Nothing outside the stretch is wanted. Repeat exactly the lines of the listing below from the one that contains "surjective) F-algebra homomorphism" through the one that contains "alg_hom s /\ bijective s.", both ends included.
※ ※ ※
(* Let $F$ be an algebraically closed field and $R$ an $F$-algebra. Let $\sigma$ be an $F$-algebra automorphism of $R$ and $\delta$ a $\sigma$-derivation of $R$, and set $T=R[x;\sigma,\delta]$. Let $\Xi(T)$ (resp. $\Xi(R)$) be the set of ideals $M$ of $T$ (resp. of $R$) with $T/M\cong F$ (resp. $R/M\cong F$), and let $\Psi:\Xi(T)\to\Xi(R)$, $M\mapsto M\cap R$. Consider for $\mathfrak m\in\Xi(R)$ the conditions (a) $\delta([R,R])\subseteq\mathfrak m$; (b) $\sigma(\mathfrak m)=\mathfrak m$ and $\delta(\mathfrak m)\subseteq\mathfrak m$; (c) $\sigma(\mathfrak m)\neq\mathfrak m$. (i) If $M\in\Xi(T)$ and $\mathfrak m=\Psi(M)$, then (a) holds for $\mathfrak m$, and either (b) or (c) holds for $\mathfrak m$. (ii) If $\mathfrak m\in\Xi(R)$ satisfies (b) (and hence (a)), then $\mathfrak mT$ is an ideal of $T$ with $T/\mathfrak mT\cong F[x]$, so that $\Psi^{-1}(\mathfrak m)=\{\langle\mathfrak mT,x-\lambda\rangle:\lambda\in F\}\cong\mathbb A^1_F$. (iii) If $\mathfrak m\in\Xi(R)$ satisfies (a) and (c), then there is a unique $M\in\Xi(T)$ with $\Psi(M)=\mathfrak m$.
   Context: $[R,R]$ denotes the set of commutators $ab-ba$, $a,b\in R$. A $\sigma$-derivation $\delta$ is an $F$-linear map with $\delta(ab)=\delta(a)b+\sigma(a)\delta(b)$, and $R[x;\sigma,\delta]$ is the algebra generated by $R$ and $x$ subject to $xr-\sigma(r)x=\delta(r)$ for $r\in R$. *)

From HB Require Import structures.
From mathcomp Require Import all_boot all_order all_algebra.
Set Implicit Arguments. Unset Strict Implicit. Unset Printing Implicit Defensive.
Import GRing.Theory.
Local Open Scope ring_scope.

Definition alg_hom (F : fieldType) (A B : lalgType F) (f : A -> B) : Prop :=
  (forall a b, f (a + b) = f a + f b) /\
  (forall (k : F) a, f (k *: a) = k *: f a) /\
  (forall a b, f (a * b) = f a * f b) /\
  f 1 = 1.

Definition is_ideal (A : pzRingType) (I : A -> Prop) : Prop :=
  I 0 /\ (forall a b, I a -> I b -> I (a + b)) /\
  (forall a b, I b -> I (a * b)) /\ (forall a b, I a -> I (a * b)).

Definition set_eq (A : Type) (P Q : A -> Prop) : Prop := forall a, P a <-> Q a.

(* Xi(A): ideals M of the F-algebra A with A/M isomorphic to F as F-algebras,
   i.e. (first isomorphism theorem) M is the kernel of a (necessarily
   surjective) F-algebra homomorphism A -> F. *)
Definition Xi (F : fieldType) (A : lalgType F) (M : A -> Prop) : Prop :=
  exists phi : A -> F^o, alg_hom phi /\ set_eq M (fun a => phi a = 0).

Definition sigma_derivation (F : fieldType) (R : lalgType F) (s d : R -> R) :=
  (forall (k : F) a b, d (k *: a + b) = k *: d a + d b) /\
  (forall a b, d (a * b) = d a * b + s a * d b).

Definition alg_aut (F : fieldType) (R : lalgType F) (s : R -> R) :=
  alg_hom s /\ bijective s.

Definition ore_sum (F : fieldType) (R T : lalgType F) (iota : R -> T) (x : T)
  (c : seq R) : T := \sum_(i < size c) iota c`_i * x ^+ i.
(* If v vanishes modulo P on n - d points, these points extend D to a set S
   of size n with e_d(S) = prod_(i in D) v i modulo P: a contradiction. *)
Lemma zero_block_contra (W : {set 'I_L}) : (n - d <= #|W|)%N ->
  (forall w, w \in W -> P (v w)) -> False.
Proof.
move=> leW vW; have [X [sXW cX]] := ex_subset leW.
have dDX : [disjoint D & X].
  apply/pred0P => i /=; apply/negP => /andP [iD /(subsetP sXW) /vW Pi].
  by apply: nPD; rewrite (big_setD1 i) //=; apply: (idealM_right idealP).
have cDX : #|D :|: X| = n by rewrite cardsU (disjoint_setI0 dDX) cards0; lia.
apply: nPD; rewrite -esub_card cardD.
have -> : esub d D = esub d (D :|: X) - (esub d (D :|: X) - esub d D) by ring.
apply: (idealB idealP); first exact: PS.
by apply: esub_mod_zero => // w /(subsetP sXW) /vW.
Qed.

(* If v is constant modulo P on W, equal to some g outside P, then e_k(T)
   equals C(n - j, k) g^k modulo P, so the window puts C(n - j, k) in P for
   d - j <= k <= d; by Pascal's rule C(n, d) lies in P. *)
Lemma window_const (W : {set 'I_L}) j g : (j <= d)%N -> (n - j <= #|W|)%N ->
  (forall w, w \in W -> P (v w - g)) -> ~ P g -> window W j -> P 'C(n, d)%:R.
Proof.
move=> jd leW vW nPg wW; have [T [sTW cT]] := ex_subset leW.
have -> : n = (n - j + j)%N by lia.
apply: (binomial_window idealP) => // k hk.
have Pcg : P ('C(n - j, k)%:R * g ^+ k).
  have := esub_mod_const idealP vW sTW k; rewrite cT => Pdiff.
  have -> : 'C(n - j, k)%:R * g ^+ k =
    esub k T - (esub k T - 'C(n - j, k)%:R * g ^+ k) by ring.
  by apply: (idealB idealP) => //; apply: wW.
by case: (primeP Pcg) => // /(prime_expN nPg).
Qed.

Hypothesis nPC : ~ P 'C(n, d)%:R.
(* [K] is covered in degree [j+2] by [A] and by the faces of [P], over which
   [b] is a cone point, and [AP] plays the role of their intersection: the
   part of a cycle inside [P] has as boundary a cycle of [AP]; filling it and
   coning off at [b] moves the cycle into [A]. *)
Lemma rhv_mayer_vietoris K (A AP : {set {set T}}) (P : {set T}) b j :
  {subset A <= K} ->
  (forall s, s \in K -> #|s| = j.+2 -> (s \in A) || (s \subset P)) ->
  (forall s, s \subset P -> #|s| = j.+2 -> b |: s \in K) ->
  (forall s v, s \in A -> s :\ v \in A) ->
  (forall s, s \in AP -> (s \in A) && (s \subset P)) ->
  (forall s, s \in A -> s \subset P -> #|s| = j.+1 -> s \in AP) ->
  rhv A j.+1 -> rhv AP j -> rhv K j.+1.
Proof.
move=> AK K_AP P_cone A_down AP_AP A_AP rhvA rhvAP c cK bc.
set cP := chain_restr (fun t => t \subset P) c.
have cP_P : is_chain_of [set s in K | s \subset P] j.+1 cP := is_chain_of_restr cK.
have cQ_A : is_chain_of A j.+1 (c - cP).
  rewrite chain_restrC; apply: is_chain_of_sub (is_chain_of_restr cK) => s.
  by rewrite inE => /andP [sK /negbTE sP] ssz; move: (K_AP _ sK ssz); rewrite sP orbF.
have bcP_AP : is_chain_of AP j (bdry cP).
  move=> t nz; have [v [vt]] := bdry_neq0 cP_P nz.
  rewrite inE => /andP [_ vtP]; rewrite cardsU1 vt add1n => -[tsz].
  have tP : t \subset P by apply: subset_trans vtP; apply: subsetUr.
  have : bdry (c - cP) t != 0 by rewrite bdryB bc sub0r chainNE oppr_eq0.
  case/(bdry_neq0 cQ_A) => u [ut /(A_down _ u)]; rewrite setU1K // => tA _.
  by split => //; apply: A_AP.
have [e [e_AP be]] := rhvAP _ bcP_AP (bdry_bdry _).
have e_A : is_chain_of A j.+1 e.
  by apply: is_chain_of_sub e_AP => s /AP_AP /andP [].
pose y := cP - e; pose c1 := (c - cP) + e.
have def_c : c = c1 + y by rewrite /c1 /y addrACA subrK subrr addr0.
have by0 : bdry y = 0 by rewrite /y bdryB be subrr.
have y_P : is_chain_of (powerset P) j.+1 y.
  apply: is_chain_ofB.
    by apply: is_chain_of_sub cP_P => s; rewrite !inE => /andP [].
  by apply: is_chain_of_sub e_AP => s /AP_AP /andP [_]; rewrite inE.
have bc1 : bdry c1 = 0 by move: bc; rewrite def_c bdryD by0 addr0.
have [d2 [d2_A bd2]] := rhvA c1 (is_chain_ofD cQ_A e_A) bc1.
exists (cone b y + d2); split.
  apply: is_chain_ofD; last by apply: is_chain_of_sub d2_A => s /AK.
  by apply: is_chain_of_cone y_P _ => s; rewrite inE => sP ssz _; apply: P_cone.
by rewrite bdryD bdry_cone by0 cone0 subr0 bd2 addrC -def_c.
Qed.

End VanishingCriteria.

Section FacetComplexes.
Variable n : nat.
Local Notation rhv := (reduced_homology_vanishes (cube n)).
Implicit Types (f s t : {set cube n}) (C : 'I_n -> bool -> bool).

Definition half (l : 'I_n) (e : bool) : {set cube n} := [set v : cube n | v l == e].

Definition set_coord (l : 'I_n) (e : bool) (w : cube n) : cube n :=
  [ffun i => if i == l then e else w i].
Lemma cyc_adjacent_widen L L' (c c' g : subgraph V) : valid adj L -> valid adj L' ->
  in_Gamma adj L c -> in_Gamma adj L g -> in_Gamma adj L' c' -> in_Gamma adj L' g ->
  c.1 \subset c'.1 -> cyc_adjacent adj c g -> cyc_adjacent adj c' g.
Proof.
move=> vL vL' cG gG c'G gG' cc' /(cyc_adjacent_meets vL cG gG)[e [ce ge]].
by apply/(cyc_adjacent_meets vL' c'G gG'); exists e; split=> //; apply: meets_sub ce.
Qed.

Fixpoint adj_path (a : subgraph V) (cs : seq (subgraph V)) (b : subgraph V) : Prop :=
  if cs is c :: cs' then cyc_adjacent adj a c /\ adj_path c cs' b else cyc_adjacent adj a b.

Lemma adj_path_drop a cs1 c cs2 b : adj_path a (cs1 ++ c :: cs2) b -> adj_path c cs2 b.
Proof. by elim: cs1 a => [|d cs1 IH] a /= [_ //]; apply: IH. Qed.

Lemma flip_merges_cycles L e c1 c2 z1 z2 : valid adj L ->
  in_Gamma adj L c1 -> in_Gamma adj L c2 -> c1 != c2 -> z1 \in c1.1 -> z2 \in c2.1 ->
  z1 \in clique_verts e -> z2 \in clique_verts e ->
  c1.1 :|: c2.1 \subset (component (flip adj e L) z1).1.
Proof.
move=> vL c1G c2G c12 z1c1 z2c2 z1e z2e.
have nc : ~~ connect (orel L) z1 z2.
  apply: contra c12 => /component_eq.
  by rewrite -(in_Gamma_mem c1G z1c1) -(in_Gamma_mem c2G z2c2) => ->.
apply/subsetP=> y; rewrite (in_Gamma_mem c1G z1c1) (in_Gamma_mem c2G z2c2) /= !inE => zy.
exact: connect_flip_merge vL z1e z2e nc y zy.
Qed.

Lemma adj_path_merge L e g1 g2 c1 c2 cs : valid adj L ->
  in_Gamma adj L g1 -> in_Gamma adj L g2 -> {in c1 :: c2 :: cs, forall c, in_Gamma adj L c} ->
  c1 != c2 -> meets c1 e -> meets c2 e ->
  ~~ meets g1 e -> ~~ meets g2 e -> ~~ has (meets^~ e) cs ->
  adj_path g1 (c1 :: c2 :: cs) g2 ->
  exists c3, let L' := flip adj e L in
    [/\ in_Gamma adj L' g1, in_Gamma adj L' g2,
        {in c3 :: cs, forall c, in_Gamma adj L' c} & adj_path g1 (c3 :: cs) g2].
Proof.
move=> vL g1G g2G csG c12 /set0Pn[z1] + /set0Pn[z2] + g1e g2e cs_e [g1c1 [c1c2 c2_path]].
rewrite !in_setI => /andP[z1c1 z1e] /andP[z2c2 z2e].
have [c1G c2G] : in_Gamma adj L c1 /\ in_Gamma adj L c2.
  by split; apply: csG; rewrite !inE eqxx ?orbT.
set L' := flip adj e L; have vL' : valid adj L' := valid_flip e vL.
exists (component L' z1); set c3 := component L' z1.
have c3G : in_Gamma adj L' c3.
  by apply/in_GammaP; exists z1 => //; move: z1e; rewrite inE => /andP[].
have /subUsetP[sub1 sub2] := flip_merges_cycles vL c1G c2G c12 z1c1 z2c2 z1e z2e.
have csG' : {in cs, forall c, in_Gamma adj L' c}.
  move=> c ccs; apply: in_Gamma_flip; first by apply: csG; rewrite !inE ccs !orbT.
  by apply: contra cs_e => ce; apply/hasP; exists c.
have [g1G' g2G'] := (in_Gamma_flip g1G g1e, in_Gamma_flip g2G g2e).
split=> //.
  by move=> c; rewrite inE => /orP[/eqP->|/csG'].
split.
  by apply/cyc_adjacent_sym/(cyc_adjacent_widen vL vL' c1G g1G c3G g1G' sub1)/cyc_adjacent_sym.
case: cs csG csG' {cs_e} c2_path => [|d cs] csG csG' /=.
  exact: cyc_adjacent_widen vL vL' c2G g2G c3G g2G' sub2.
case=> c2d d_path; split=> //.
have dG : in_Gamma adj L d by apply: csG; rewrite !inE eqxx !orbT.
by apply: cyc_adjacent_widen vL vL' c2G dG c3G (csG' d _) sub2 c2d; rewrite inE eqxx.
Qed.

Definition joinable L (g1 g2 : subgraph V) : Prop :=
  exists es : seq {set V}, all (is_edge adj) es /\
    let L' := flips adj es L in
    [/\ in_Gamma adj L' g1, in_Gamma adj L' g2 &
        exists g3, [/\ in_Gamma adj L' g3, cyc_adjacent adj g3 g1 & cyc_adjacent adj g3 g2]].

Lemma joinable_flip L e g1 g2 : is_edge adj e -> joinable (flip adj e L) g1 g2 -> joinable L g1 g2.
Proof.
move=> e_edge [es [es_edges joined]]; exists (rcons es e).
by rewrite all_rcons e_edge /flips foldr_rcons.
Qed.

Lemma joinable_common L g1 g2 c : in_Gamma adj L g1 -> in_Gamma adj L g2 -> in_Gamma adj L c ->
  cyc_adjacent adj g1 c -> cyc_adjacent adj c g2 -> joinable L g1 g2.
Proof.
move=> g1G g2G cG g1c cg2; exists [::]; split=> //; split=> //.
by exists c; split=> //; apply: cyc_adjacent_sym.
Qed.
※ ※ ※
**Exercise result**
   surjective) F-algebra homomorphism A -> F. *)
Definition Xi (F : fieldType) (A : lalgType F) (M : A -> Prop) : Prop :=
  exists phi : A -> F^o, alg_hom phi /\ set_eq M (fun a => phi a = 0).

Definition sigma_derivation (F : fieldType) (R : lalgType F) (s d : R -> R) :=
  (forall (k : F) a b, d (k *: a + b) = k *: d a + d b) /\
  (forall a b, d (a * b) = d a * b + s a * d b).

Definition alg_aut (F : fieldType) (R : lalgType F) (s : R -> R) :=
  alg_hom s /\ bijective s.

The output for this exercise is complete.